Recently, US MOCVD equipment manufacturer Veeco announced that it will merge with ion implantation equipment manufacturer Axcelis Technologies Inc. After the merger, it will become the fourth largest wafer manufacturing equipment supplier in the United States. The transaction has been unanimously approved by the boards of directors of both parties and a final agreement has been signed.

Veeco will merge with Axcelis in an all-stock transaction to become a new semiconductor equipment supplier. Based on the stock prices of the two companies as of the end of September and the outstanding debt as of the end of June, the combined company has a market value of approximately US$4.4 billion. After the merger, the company's product portfolio will be further expanded and its business will cover more diversified markets with growth potential.

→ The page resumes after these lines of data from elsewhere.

(* Each row of the perpendicular array is a permutation of the n - 3 points of B;
   carried to B and extended by the identity on A it maps S to another Steiner
   quadruple system, and these lam * C(n-3, 4) systems form the large set.
   Rows of a PA_lam(4, m, m) are 4-homogeneous, hence also j-homogeneous for every
   j <= 4 (a function on j-sets whose sums over the j-subsets of all 4-sets are equal
   is constant as soon as j + 4 <= m).  So the number u K of systems containing a
   quadruple K only depends on K :&: A.  Each system has exactly one block through a
   triple W, so u sums to the number of systems over the quadruples through W;
   choosing W between K :&: A and K and inducting on #|A :\: K| forces
   (n - 3) * u K = lam * C(n-3, 4), i.e. u K = lam * C(n-4, 3) / 4. *)

From mathcomp Require Import all_boot all_algebra zify.
Set Implicit Arguments. Unset Strict Implicit. Unset Printing Implicit Defensive.
Import GRing.Theory Num.Theory.

Section SubsetSums.
Variable T : finType.

Lemma exists_subset (U : {set T}) r :
  r <= #|U| -> exists2 K : {set T}, K \subset U & #|K| = r.
Proof.
move=> le_rU.
have : 0 < #|[set K : {set T} | K \subset U & #|K| == r]| by rewrite cards_draws bin_gt0.
by case/card_gt0P=> K; rewrite inE => /andP[sKU /eqP cK]; exists K.
Qed.

Local Open Scope ring_scope.

Lemma sum_subsets_const (V : nmodType) (K : {set T}) j (c : V) :
  \sum_(F : {set T} | (F \subset K) && (#|F| == j)%N) c = c *+ 'C(#|K|, j).
Proof. by rewrite -cards_draws -sumr_const; apply: eq_bigl => F; rewrite inE. Qed.

Lemma sum_subsets_setU1 (V : nmodType) (K : {set T}) a j (h : {set T} -> V) :
  a \notin K ->
  \sum_(E : {set T} | (E \subset a |: K) && (#|E| == j.+1)%N) h E =
  \sum_(F : {set T} | (F \subset K) && (#|F| == j)%N) h (a |: F) +
  \sum_(E : {set T} | (E \subset K) && (#|E| == j.+1)%N) h E.
Proof.
move=> aK; rewrite (bigID (fun E : {set T} => a \in E)) /=; congr (_ + _).
  rewrite (reindex_onto (fun F : {set T} => a |: F) (fun E => E :\ a)) /=; last first.
    by move=> E /andP[_ aE]; rewrite setD1K.
  apply: eq_bigl => F; case: (boolP (a \in F)) => aF.
    have -> : (F \subset K) = false by apply: contraNF aK => /subsetP; apply.
    have -> : ((a |: F) :\ a == F) = false.
      by apply: contraTF aF => /eqP <-; rewrite setD11.
    by rewrite !andbF.
  by rewrite setU11 setU1K // -subDset setU1K // cardsU1 aF eqxx !andbT.
apply: eq_bigl => E; rewrite -[in RHS](setU1K aK) subsetD1.
by rewrite andbAC.
Qed.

According to the agreement, Veeco shareholders will exchange 0.3575 Axcelis shares for every 1 Veeco share. After the transaction is completed, Axcelis shareholders will hold approximately 58% of the shares, and Veeco shareholders will hold approximately 42% (fully diluted). Based on fiscal year 2024, the combined company is expected to achieve revenue of US$1.7 billion, non-GAAP gross profit margin of 44%, and adjusted earnings before interest, taxes, depreciation and amortization (EBITDA) of US$387 million.
The transaction is expected to be completed in the second half of 2026, and still needs to be approved by shareholders of both parties, approved by regulatory agencies and meet other customary closing conditions. Upon completion of the merger, the company will be headquartered in Beverly, Massachusetts, and the new company will be activated upon completion of the transactionNew company name, stock code and brand image.

In the future, after the merger, Veeco and Axcelis will jointly develop high-growth markets such as AI and power devices. The product portfolio will cover a number of core technologies such as ion implantation, laser annealing, ion beam deposition, advanced packaging solutions and MOCVD, and will be supported by a global after-sales service system. In terms of R&D strength, after the merger, the team and technical capabilities will be further strengthened, the R&D scale will be expanded, and the pace of innovation will be accelerated, which is expected to expand new opportunities in key regions and markets. The complementarity of technologies is expected to bring revenue synergy across product line sales and platform integration.
The two parties expect to achieve annualized cost synergies of approximately US$35 million within 24 months after completion of the transaction, most of which will be realized within the first 12 months, and achieve non-GAAP earnings per share growth within the first year. It is worth noting that Veeco’s $230 million in convertible bonds due in 2029 will be assumed by the merged company.